Farro, Fennel & Orange Salad (Farro con Finocchio e Arancia)
This vibrant salad gets a double dose of fennel flavor from freshly shaved fennel and aromatic wild fennel pollen (a.k.a. our favorite secret flavor enhancer). The bright notes of anise pair beautifully with sweet orange segments and bright mint. Serve alongside roasted chicken, grilled shrimp or seared salmon.
Recipe by Asha Loupy
Ingredients
- 3 tablespoons extra virgin olive oil, such as Olio Verde
- 1 tablespoon Agrumato Tangerine Oil from Medi Terranea
- 1 tablespoon Italian red wine vinegar, such as Volpaia Red Wine Vinegar
- 1/2 teaspoon Wild Fennel Pollen, plus more for garnishing
- 1/4 teaspoon Hot Pepper Flakes
- 1/2 cup fennel, thinly sliced
- 2 medium oranges, peeled and segmented
- 1/8 cup red onion, finely diced
- 6 mint leaves, chiffonaded
- Fennel fronds, for garnish
- Salt & freshly ground black pepper
Instructions
Preheat the oven to 325°F. In a small bowl, toss farro with one tablespoon of extra virgin olive oil and spread evenly onto a baking sheet. Toast farro until it starts to turn golden, about 10-15 minutes.
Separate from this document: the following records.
Lemma common_ancestor u v : depth u = depth v ->
  exists k, ancestor k u = ancestor k v /\ forall i, i < k -> ancestor i u != ancestor i v.
Proof.
move=> eq_depth; have ex_k : exists k, ancestor k u == ancestor k v.
  by exists (depth u); rewrite ancestor_depth eq_depth ancestor_depth.
case: (ex_minnP ex_k) => k /eqP eq_k min_k; exists k; split=> // i lt_ik.
by apply/negP => /min_k; rewrite leqNgt lt_ik.
Qed.

Lemma ancestor_cycle_bound u v X k : u != v -> depth u = depth v ->
  path e v (rcons X u) -> uniq X -> all (fun x => depth u < depth x) X ->
  ancestor k u = ancestor k v -> (forall i, i < k -> ancestor i u != ancestor i v) ->
  2 * k + size X <= 2.
Proof.
move=> neq_uv eq_depth path_X uniq_X deep_X meet_k below_k.
have k_gt0 : 0 < k.
  by case: k meet_k {below_k} => // /= eq_uv; rewrite eq_uv eqxx in neq_uv.
have le_ku : k <= depth u.
  rewrite leqNgt; apply/negP => /below_k.
  by rewrite ancestor_depth eq_depth ancestor_depth eqxx.
have up_u y : y \in traject parent u k.+1 ->
    exists2 i, i <= k & depth y = depth u - i /\ y = ancestor i u.
  by move/depth_traject_parent; apply; rewrite ltnS.
have up_v y : y \in traject parent v k ->
    exists2 i, i < k & depth y = depth u - i /\ y = ancestor i v.
  by move/depth_traject_parent; rewrite eq_depth; apply; rewrite -eq_depth ltnW.
(* The cycle runs from v along X to u, up to the common ancestor and back down to v. *)
set s := X ++ traject parent u k.+1 ++ rev (traject parent v k).
have uniq_s : uniq s.
  rewrite /s cat_uniq uniq_X andTb; apply/andP; split.
    apply/hasPn => y; rewrite mem_cat mem_rev => /orP[/up_u|/up_v] [i _ [depth_y _]];
    by apply/negP => /(allP deep_X); rewrite depth_y; lia.
  have uniq_u : uniq (traject parent u k.+1) by apply: uniq_traject_parent; rewrite ltnS.
  have uniq_v : uniq (traject parent v k) by apply: uniq_traject_parent; rewrite -eq_depth ltnW.
  rewrite cat_uniq rev_uniq uniq_u uniq_v andbT andTb.
  apply/hasPn => y; rewrite mem_rev => /up_v[i lt_ik [depth_y y_eq]]; subst y.
  apply/negP => /up_u[i' le_i'k [depth_y' eq_i]].
  have eq_ii' : i' = i by move: depth_y depth_y'; lia.
  by move: (below_k i lt_ik); rewrite eq_i eq_ii' eqxx.
have cycle_s : cycle e s.
  have last_s : last v s = v.
    by rewrite /s !last_cat -(prednK k_gt0) trajectS rev_cons last_rcons.
  rewrite (cycle_path v) last_s /s cat_path; move: path_X; rewrite rcons_path => /andP[-> e_Xu].
  rewrite trajectS /= e_Xu cat_path path_traject_parent // last_traject -/(ancestor k u) meet_k.
  by rewrite path_rev_traject_parent // -eq_depth.
have := cactus_cycle_size e_sym e_irr cactus_cycles Cr_free uniq_s cycle_s.
by rewrite /s !size_cat size_rev !size_traject; lia.
Qed.

Lemma parent_unique p x : e p x -> (depth p).+1 = depth x -> p = parent x.
Proof.
move=> e_px depth_px; have depth_gt0 : 0 < depth x by rewrite -depth_px.
apply/eqP/negPn/negP => neq_p.
have eq_depth : depth p = depth (parent x) by apply: succn_inj; rewrite depth_px depth_parent.
have [k [meet_k below_k]] := common_ancestor eq_depth.
have := ancestor_cycle_bound neq_p eq_depth (X := [:: x]) _ isT _ meet_k below_k.
rewrite /= edge_parent // e_sym e_px -depth_px leqnn => /(_ isT isT) bound.
have k0 : k = 0 by lia.
by move: meet_k; rewrite k0 => /= eq_p; rewrite eq_p eqxx in neq_p.
Qed.

Lemma sibling_parent u v : e u v -> depth u = depth v -> parent u = parent v.
Proof.
move=> e_uv eq_depth; have neq_uv := edge_neq e_irr e_uv.
have [k [meet_k below_k]] := common_ancestor eq_depth.
have := ancestor_cycle_bound neq_uv eq_depth (X := [::]) _ isT isT meet_k below_k.
rewrite /= e_sym e_uv => /(_ isT) bound.
have [k0|k1] : k = 0 \/ k = 1 by lia.
  by move: meet_k; rewrite k0 => /= eq_uv; rewrite eq_uv eqxx in neq_uv.
by move: meet_k; rewrite k1.
Qed.

Lemma depth_gap_nonadj u v : (depth u).+2 <= depth v -> ~~ e u v.
Proof. by move=> gap; apply/negP => /depth_edge; lia. Qed.

Lemma same_depth_neighbour_unique x y z : e x y -> e x z ->
  depth y = depth x -> depth z = depth x -> y = z.
Proof.
move=> e_xy e_xz depth_y depth_z; apply/eqP/negPn/negP => neq_yz.
have depth_gt0 : 0 < depth x.
  rewrite lt0n; apply: contraTneq e_xy => depth0.
  have /eqP -> : x == a by rewrite -depth_eq0 depth0.
  have /eqP -> : y == a by rewrite -depth_eq0 depth_y depth0.
  by rewrite e_irr.
have [e_px depth_px] := parent_spec depth_gt0.
have triangle v : e x v -> depth v = depth x -> simple_cycle e [:: parent x; x; v].
  move=> e_xv depth_v; have e_pv : e (parent x) v.
    by rewrite (sibling_parent e_xv) ?depth_v // edge_parent // depth_v.
  split=> //=; last by rewrite e_px e_xv e_sym e_pv.
  by rewrite !inE negb_or (edge_neq e_irr e_px) (edge_neq e_irr e_pv) (edge_neq e_irr e_xv).
have sub : {subset [:: parent x; x; y] <= [:: parent x; x; z]}.
  apply: (cactus_cycles_sub cactus_cycles (triangle y e_xy depth_y) (triangle z e_xz depth_z)
           (edge_neq e_irr e_px)); by rewrite !inE eqxx ?orbT.
have : y \in [:: parent x; x; z] by apply: sub; rewrite !inE eqxx !orbT.
rewrite !inE => /or3P[/eqP y_parent|/eqP y_x|/eqP y_z].
- by move: depth_px; rewrite -y_parent depth_y; lia.
- by rewrite y_x e_irr in e_xy.
- by rewrite y_z eqxx in neq_yz.
Qed.
Lemma kna_coef_sq_le (a : C) (n : nat) (d : nat -> C) :
  Cmod a < 1 -> H2 (kna n a) d ->
  forall k, Cmod (d k) ^ 2 <= (1 - Cmod a ^ 2) * Series (fun j => Cmod (d j) ^ 2).
Proof.
  intros Ha Hd k.
  destruct (coefs_profile_iter_mul_1_sub_inv n (Cconj a) d n
              (fun j => if Nat.eq_dec j n then INR (Factorial.fact n) else 0))
    as [sigma [Hsigma Hprof]].
  - intro j. destruct (Nat.eq_dec j n); [apply pos_INR | lra].
  - split.
    + intros j Hj. destruct (Nat.eq_dec j n); [lia | reflexivity].
    + intro j. rewrite (iter_coefs_mul_1_sub_kna a n d Ha Hd).
      destruct (Nat.eq_dec j n) as [-> | _].
      * rewrite Nat.sub_diag. change (pow_n (Cconj a) 0) with (RtoC 1). ring.
      * ring.
  - assert (Ha0 := Cmod_ge_0 a).
    apply (coef_le_of_geometric_growth (fun j => Cmod (d j) ^ 2)).
    + split; [apply pow2_ge_0 | nra].
    + intro j. apply pow2_ge_0.
    + exact (proj1 Hd).
    + intro m. assert (Hgrowth := coefs_profile_growth _ _ _ _ Hsigma Hprof k m).
      rewrite Cmod_conj in Hgrowth.
      replace (Cmod (d k) ^ 2 * (Cmod a ^ 2) ^ m) with ((Cmod (d k) * Cmod a ^ m) ^ 2)
        by (rewrite <- pow_mult, Nat.mul_comm, pow_mult; ring).
      apply pow_incr. split; [|exact Hgrowth].
      apply Rmult_le_pos; [apply Cmod_ge_0 | now apply pow_le].
Qed.

Lemma Rmult_le_amgm (x y delta : R) :
  0 < delta -> x * y <= x ^ 2 / (2 * delta) + y ^ 2 * (delta / 2).
Proof.
  intro Hdelta.
  assert (Hsq : 0 <= (x - delta * y) ^ 2 / (2 * delta))
    by (apply Rdiv_le_0_compat; [apply pow2_ge_0 | lra]).
  replace ((x - delta * y) ^ 2 / (2 * delta))
    with (x ^ 2 / (2 * delta) + y ^ 2 * (delta / 2) - x * y) in Hsq by (field; lra).
  lra.
Qed.

Lemma Cmod_sum_n_pairing_le (c e : nat -> C) (tau : R) (N : nat) :
  (forall k, Cmod (e k) <= tau) ->
  Cmod (sum_n (fun k => (c k * Cconj (e k))%C) N) <= tau * sum_n (fun k => Cmod (c k)) N.
Proof.
  intro Hsmall.
  apply (Rle_trans _ (sum_n (fun k => Cmod (c k * Cconj (e k))%C) N));
    [apply (norm_sum_n_m (fun k => (c k * Cconj (e k))%C) 0 N)|].
  rewrite <- (sum_n_mult_l (K := R_Ring)). apply sum_n_m_le. intro k.
  rewrite Cmod_mult, Cmod_conj, Rmult_comm.
  apply Rmult_le_compat_r; [apply Cmod_ge_0 | apply Hsmall].
Qed.

Lemma Cmod_pairing_le_amgm (c e : nat -> C) (L : C) (delta : R) :
  0 < delta -> ex_series (fun k => Cmod (c k) ^ 2) -> ex_series (fun k => Cmod (e k) ^ 2) ->
  is_series (fun k => (c k * Cconj (e k))%C) L ->
  Cmod L <= Series (fun k => Cmod (c k) ^ 2) / (2 * delta)
            + Series (fun k => Cmod (e k) ^ 2) * (delta / 2).
Proof.
  intros Hdelta Hc He HL.
  apply (norm_is_series_le _ (fun k => Cmod (c k) ^ 2 / (2 * delta) + Cmod (e k) ^ 2 * (delta / 2))
           _ _ HL).
  - apply (is_series_plus (V := R_NormedModule)); apply is_series_scal_r, Series_correct;
      assumption.
  - intro k. change (norm (c k * Cconj (e k))%C) with (Cmod (c k * Cconj (e k))%C).
    rewrite Cmod_mult, Cmod_conj. now apply Rmult_le_amgm.
Qed.

Lemma pairing_small_of_coefs_small (c : nat -> C) (eps : R) :
  ex_series (fun k => Cmod (c k) ^ 2) -> 0 < eps ->
  exists tau, 0 < tau /\
    forall (e : nat -> C) (L : C),
      ex_series (fun k => Cmod (e k) ^ 2) -> Series (fun k => Cmod (e k) ^ 2) <= 1 ->
      (forall k, Cmod (e k) <= tau) ->
      is_series (fun k => (c k * Cconj (e k))%C) L -> Cmod L < eps.
Proof.
  intros Hc Heps.
  set (delta := eps / 2).
  assert (Hdelta : 0 < delta) by (unfold delta; lra).
  destruct (Series_tail_lt _ (delta ^ 2) Hc ltac:(nra)) as [N HN].
  set (head_l1 := sum_n (fun k => Cmod (c k)) N).
  assert (Hhead_l1 : 0 <= head_l1) by (apply sum_n_nonneg; intro; apply Cmod_ge_0).
  exists (delta / (head_l1 + 1)). split; [apply Rdiv_lt_0_compat; lra|].
  intros e L He He1 Hsmall HL.
  set (head := sum_n (fun k => (c k * Cconj (e k))%C) N).
  assert (Hhead : Cmod head < delta).
  { eapply Rle_lt_trans; [now apply Cmod_sum_n_pairing_le|]. fold head_l1.
    apply (Rmult_lt_reg_r (head_l1 + 1)); [lra|]. field_simplify; nra. }
  assert (Htail : Cmod (L - head)%C <= delta / 2 + 1 * (delta / 2)).
  { eapply Rle_trans.
    { apply (Cmod_pairing_le_amgm (fun k => c (S N + k)%nat) (fun k => e (S N + k)%nat));
        [exact Hdelta | now apply (ex_series_incr_n _ (S N)) in Hc
        | now apply (ex_series_incr_n _ (S N)) in He |].
      apply (is_series_incr_n (fun k => (c k * Cconj (e k))%C) (S N)); [lia|].
      refine (is_series_C_ext _ _ _ _ _ _ HL); [reflexivity|].
      change (L = L - head + head)%C. ring. }
    apply Rplus_le_compat.
    - apply (Rmult_le_reg_r (2 * delta)); [lra|].
      replace (_ / (2 * delta) * (2 * delta)) with (Series (fun k => Cmod (c (S N + k)%nat) ^ 2))
        by (field; lra).
      replace (delta / 2 * (2 * delta)) with (delta ^ 2) by field. lra.
    - apply Rmult_le_compat_r; [lra|].
      eapply Rle_trans; [|exact He1].
      apply (Series_shift_le (fun k => Cmod (e k) ^ 2)); [intro; apply pow2_ge_0 | exact He]. }
  assert (Htri := Cmod_triangle head (L - head)%C).
  replace (head + (L - head))%C with L in Htri by ring.
  unfold delta in *. lra.
Qed.

Lemma Rdiv_le_of_le_mul (x y D : R) :
  0 <= y -> 0 <= D -> x <= y * D -> x / D <= y.
Proof.
  intros Hy HD Hx. destruct (Req_dec D 0) as [-> | HD0].
  - unfold Rdiv. rewrite Rinv_0, Rmult_0_r. exact Hy.
  - apply (Rmult_le_reg_r D); [lra|]. unfold Rdiv. rewrite Rmult_assoc, Rinv_l; lra.
Qed.

(* Also for D = 0, where both sides are 0 because z / 0 = 0 and / 0 = 0. *)
Lemma Cmod_div_sqrt_sq (z : C) (D : R) :
  0 <= D -> Cmod (z / RtoC (sqrt D))%C ^ 2 = Cmod z ^ 2 / D.
Proof.
  intro HD. destruct (Req_dec D 0) as [-> | HD0].
  - rewrite sqrt_0. unfold Rdiv. rewrite Rinv_0, Rmult_0_r.
    replace (z / RtoC 0)%C with (RtoC 0).
    + rewrite Cmod_0. ring.
    + unfold Cdiv, Cinv, Rdiv. simpl. rewrite Ropp_0, !Rmult_0_l.
      apply injective_projections; simpl; ring.
  - assert (Hsqrt : 0 < sqrt D) by (apply sqrt_lt_R0; lra).
    rewrite Cmod_div by (intro Hz; apply RtoC_inj in Hz; lra).
    rewrite Cmod_R, Rabs_pos_eq by lra.
    unfold Rdiv. rewrite Rpow_mult_distr, pow_inv, pow2_sqrt by lra. reflexivity.
Qed.

Lemma normalized_sq_series_le_1 (d : nat -> C) :
  ex_series (fun k => Cmod (d k) ^ 2) ->
  ex_series (fun k => Cmod (d k / RtoC (h2norm d))%C ^ 2) /\
  Series (fun k => Cmod (d k / RtoC (h2norm d))%C ^ 2) <= 1.
Proof.
  intro Hd.
  set (D := Series (fun k => Cmod (d k) ^ 2)).
  assert (HD : 0 <= D) by (apply Series_nonneg; [intro; apply pow2_ge_0 | exact Hd]).
  assert (Hnormed : forall k, Cmod (d k / RtoC (h2norm d))%C ^ 2 = Cmod (d k) ^ 2 / D)
    by (intro k; now apply Cmod_div_sqrt_sq).
  split.
  - apply (ex_series_ext (fun k => Cmod (d k) ^ 2 / D)); [intro k; now rewrite Hnormed|].
    exists (D / D). now apply is_series_scal_r, Series_correct.
  - rewrite (Series_ext _ (fun k => Cmod (d k) ^ 2 / D)) by (intro k; apply Hnormed).
    unfold Rdiv. rewrite Series_scal_r. fold D. apply Rdiv_le_of_le_mul; lra.
Qed.

Lemma kna_normalized_coef_sq_le (a : C) (n : nat) (d : nat -> C) :
  Cmod a < 1 -> H2 (kna n a) d ->
  forall k, Cmod (d k / RtoC (h2norm d))%C ^ 2 <= 1 - Cmod a ^ 2.
Proof.
  intros Ha Hd k.
  assert (Ha0 := Cmod_ge_0 a).
  assert (HD : 0 <= Series (fun j => Cmod (d j) ^ 2))
    by (apply Series_nonneg; [intro; apply pow2_ge_0 | exact (proj1 Hd)]).
  unfold h2norm. rewrite Cmod_div_sqrt_sq by exact HD.
  apply Rdiv_le_of_le_mul; [nra | exact HD | now apply (kna_coef_sq_le a n d)].
Qed.
(* Let $p\in\mathbb{R}_{\ge0}^n$ and $w\in\mathbb{R}_{\ge0}^n$ be arbitrary and let $t\ge0$. Then either $\Lambda(t)=\infty$ or there exists an index $i\in\{1,\ldots,n\}$ such that $\Lambda(t)=\Lambda^i(t)$.
   Context: Let $x^\star$ be a solution maximizing $p^{\mathsf T}x$ over $\{x\in\{0,1\}^n: w^{\mathsf T}x\le t\}$ (the winner), and let $\hat{x}$ be a solution minimizing $w^{\mathsf T}x$ over $\{x\in\{0,1\}^n: p^{\mathsf T}x>p^{\mathsf T}x^\star\}$ (the loser of smallest weight), with $\hat{x}=\perp$ if this set is empty. Define $\Lambda(t)=w^{\mathsf T}\hat{x}-t$ if $\hat{x}\ne\perp$ and $\Lambda(t)=\infty$ otherwise. For $i\in\{1,\ldots,n\}$ and $j\in\{0,1\}$ let $\mathcal{S}^{x_i=j}=\{x\in\{0,1\}^n: x_i=j\}$; let $x^{\star,i}$ maximize $p^{\mathsf T}x$ over $\{x\in\mathcal{S}^{x_i=0}: w^{\mathsf T}x\le t\}$, and let $\hat{x}^i$ minimize $w^{\mathsf T}x$ over $\{x\in\mathcal{S}^{x_i=1}: p^{\mathsf T}x>p^{\mathsf T}x^{\star,i}\}$, with $\hat{x}^i=\perp$ if this set is empty. Define $\Lambda^i(t)=w^{\mathsf T}\hat{x}^i-t$ if $\hat{x}^i\ne\perp$ and $\Lambda^i(t)=\infty$ otherwise. (These values do not depend on how ties in the argmax/argmin are broken.) *)

From HB Require Import structures.
From mathcomp Require Import all_boot all_order all_algebra.
Set Implicit Arguments. Unset Strict Implicit. Unset Printing Implicit Defensive.
Import Order.TTheory GRing.Theory Num.Theory.
Local Open Scope ring_scope.

Section Knap.
Variables (R : realFieldType) (n : nat).

Notation bvec := {ffun 'I_n -> bool}.

Definition dotb (c : 'I_n -> R) (x : bvec) : R :=
  \sum_(i < n) (if x i then c i else 0).

Definition bzero : bvec := [ffun _ => false].

(* a maximizer of p^T x over the feasible set {x | P x, w^T x <= t};
   the all-zero vector is feasible whenever P bzero, w >= 0, t >= 0 *)
Definition winner (p w : 'I_n -> R) (t : R) (P : pred bvec) : bvec :=
  Order.arg_max bzero (fun x : bvec => P x && (dotb w x <= t)) (dotb p).

(* Lambda-value: w^T xhat - t where xhat minimizes w^T x over
   {x | P x, p^T x > p^T xstar}; None encodes infinity (empty set). *)
Definition LambdaP (p w : 'I_n -> R) (t : R) (Pw Pl : pred bvec) : option R :=
  let ps := dotb p (winner p w t Pw) in
  match [pick x | Pl x && (ps < dotb p x)] with
  | Some x0 => Some (dotb w (Order.arg_min x0 (fun x : bvec => Pl x && (ps < dotb p x)) (dotb w)) - t)
  | None => None
  end.

Definition Lambda (p w : 'I_n -> R) (t : R) : option R :=
  LambdaP p w t predT predT.

Definition Lambda_i (p w : 'I_n -> R) (t : R) (i : 'I_n) : option R :=
  LambdaP p w t (fun x : bvec => ~~ x i) (fun x : bvec => x i).

End Knap.

From HB Require Import structures.
From mathcomp Require Import all_boot all_order all_algebra.

Set Implicit Arguments.
Unset Strict Implicit.
Unset Printing Implicit Defensive.
Import Order.TTheory GRing.Theory Num.Theory.
Local Open Scope ring_scope.

(* Let a be a loser of smallest weight. Since p >= 0 and p^T a > p^T x*, the
   support of a is not contained in that of x*: pick i with a_i = 1, x*_i = 0.
   Then x* is still feasible in S^{x_i=0}, so the restricted winner has the same
   profit, and a is a loser in S^{x_i=1}; as S^{x_i=1} has fewer losers, a is a
   loser of smallest weight there too, hence Lambda(t) = Lambda^i(t). *)

Section Knapsack.
Variables (R : realFieldType) (n : nat).
Notation bvec := {ffun 'I_n -> bool}.

Lemma dotb0 (c : 'I_n -> R) : dotb c (bzero n) = 0.
Proof. by rewrite /dotb big1 // => i _; rewrite ffunE. Qed.

Lemma dotb_subset (c : 'I_n -> R) (x y : bvec) :
  (forall i, 0 <= c i) -> (forall i, y i -> x i) -> dotb c y <= dotb c x.
Proof.
move=> c0 yx; apply: ler_sum => i _.
by case: (boolP (y i)) => [/yx -> | _]; case: (x i).
Qed.

Lemma dotb_lt_support (c : 'I_n -> R) (x y : bvec) :
  (forall i, 0 <= c i) -> dotb c x < dotb c y -> exists2 i, y i & ~~ x i.
Proof.
move=> c0 lt_xy; suff /existsP[i /andP[yi xi]] : [exists i, y i && ~~ x i].
  by exists i.
apply: contraLR lt_xy; rewrite negb_exists -leNgt => /forallP notyx.
apply: dotb_subset => // i yi; apply: contraT => xi.
by have := notyx i; rewrite yi xi.
Qed.

Variables (p w : 'I_n -> R) (t : R).
Hypothesis t_ge0 : 0 <= t.

Section Winner.
Variable P : pred bvec.
Hypothesis P0 : P (bzero n).

Lemma winner_feasible : P (winner p w t P) && (dotb w (winner p w t P) <= t).
Proof. by rewrite /winner; case: arg_maxP => //=; rewrite P0 dotb0. Qed.

Lemma winner_max (y : bvec) :
  P y -> dotb w y <= t -> dotb p y <= dotb p (winner p w t P).
Proof.
move=> Py wy; rewrite /winner; case: arg_maxP => [|z _ zmax].
  by rewrite /= P0 dotb0.
by apply: zmax; rewrite Py.
Qed.

End Winner.

Lemma winner_restrict (P : pred bvec) :
  P (bzero n) -> P (winner p w t predT) ->
  dotb p (winner p w t P) = dotb p (winner p w t predT).
Proof.
move=> P0 Pxs; have /andP[_ wxs] := winner_feasible (P := predT) isT.
have /andP[_ wxP] := winner_feasible P0.
by apply/le_anti; rewrite !winner_max.
Qed.

Definition loser (Pw Pl : pred bvec) : pred bvec :=
  fun x => Pl x && (dotb p (winner p w t Pw) < dotb p x).

Definition min_loser (Pw Pl : pred bvec) (x : bvec) : Prop :=
  loser Pw Pl x /\ forall y, loser Pw Pl y -> dotb w x <= dotb w y.

Lemma LambdaP_min_loser Pw Pl x :
  min_loser Pw Pl x -> LambdaP p w t Pw Pl = Some (dotb w x - t).
Proof.
move=> [lossx xmin]; rewrite /LambdaP.
case: pickP => [x0 x0P | /(_ x)]; last by move: lossx; rewrite /loser => ->.
have [z lossz zmin] := arg_minP (dotb w) (P := loser Pw Pl) x0P.
by congr (Some (_ - _)); apply/le_anti; rewrite xmin // zmin.
Qed.

Lemma LambdaP_None_or_min_loser Pw Pl :
  LambdaP p w t Pw Pl = None \/ exists x, min_loser Pw Pl x.
Proof.
rewrite /LambdaP; case: pickP => [x0 x0P | _]; [right | by left].
have [z lossz zmin] := arg_minP (dotb w) (P := loser Pw Pl) x0P.
by exists z; split.
Qed.

Lemma min_loser_restrict (Pw Pl Pw' Pl' : pred bvec) x :
  dotb p (winner p w t Pw') = dotb p (winner p w t Pw) ->
  (forall y, Pl' y -> Pl y) -> Pl' x -> min_loser Pw Pl x -> min_loser Pw' Pl' x.
Proof.
move=> eq_ps sub Pl'x [/andP[_ lossx] xmin].
have loser_sub y : loser Pw' Pl' y -> loser Pw Pl y.
  by rewrite /loser eq_ps => /andP[/sub -> ->].
by split=> [|y /loser_sub /xmin //]; rewrite /loser eq_ps Pl'x.
Qed.

End Knapsack.

Theorem lemma2p6 (R : realFieldType) (n : nat) (p w : 'I_n -> R) (t : R) :
  (forall i, 0 <= p i) -> (forall i, 0 <= w i) -> 0 <= t ->
  Lambda p w t = None \/ exists i : 'I_n, Lambda p w t = Lambda_i p w t i.
Proof.
move=> p_ge0 _ t_ge0; rewrite /Lambda.
have [-> | [a amin]] := LambdaP_None_or_min_loser p w t predT predT; [by left | right].
have [/andP[_ loss_a] _] := amin.
have [i ai xsi] := dotb_lt_support p_ge0 loss_a.
have amin_i : min_loser p w t (fun x => ~~ x i) (fun x => x i) a.
  apply: (min_loser_restrict _ _ ai amin) => //.
  by apply: winner_restrict => //; rewrite ffunE.
by exists i; rewrite /Lambda_i (LambdaP_min_loser amin) (LambdaP_min_loser amin_i).
Qed.
(* Let $2\le k\le n$. For every strong digraph $D$ of order $n$, $1\le\kappa_k(D)\le n-1$. Moreover, both bounds are sharp, and $\kappa_k(D)=n-1$ holds if and only if $D\cong\overleftrightarrow{K}_n$ and $k\notin\{4,6\}$.
   Context: Digraphs are finite, without loops and without parallel arcs. $\overleftrightarrow{K}_n$ is the complete digraph on $n$ vertices (both arcs $uv$ and $vu$ for every pair of distinct vertices). A digraph is strong if for every ordered pair of vertices $u,v$ there is a directed path from $u$ to $v$; a one-vertex digraph is strong. For $S\subseteq V(D)$, strong subgraphs $D_1,\dots,D_p$ each containing $S$ are $S$-internally disjoint if $V(D_i)\cap V(D_j)=S$ and $A(D_i)\cap A(D_j)=\emptyset$ for all $i<j$. $\kappa_S(D)$ is the maximum number of $S$-internally disjoint strong subgraphs containing $S$, and $\kappa_k(D)=\min\{\kappa_S(D): S\subseteq V(D),\ |S|=k\}$. *)

From mathcomp Require Import all_boot.
Set Implicit Arguments. Unset Strict Implicit. Unset Printing Implicit Defensive.

(* A digraph on a finite vertex type V is an arc relation D : rel V
   (no parallel arcs automatically; loops excluded by [irreflexive D]). *)

Definition strong (V : finType) (D : rel V) : Prop :=
  forall u v : V, connect D u v.

Definition is_subgraph (V : finType) (D : rel V) (Vs : {set V}) (As : {set V * V}) : bool :=
  [forall a in As, [&& D a.1 a.2, a.1 \in Vs & a.2 \in Vs]].

Definition strong_sub (V : finType) (Vs : {set V}) (As : {set V * V}) : bool :=
  [forall u in Vs, forall v in Vs, connect [rel x y | (x, y) \in As] u v].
While the farro is toasting, bring a large pot of salted water to a boil over medium heat. Add the toasted farro and cook until tender, about 20 minutes. Drain well, spread on a sheet pan and let cool to room temperature.
In a large bowl, whisk together the olive oil, tangerine agrumato oil, red wine vinegar, hot pepper flakes and fennel pollen. Add the cooked farro, fennel, half the orange segments, red onion and mint, and gently toss together. Season with salt and pepper, to taste.
To serve, pour the farro salad onto a serving platter and garnish with the remaining orange segments, fennel fronds and an extra sprinkling of fennel pollen.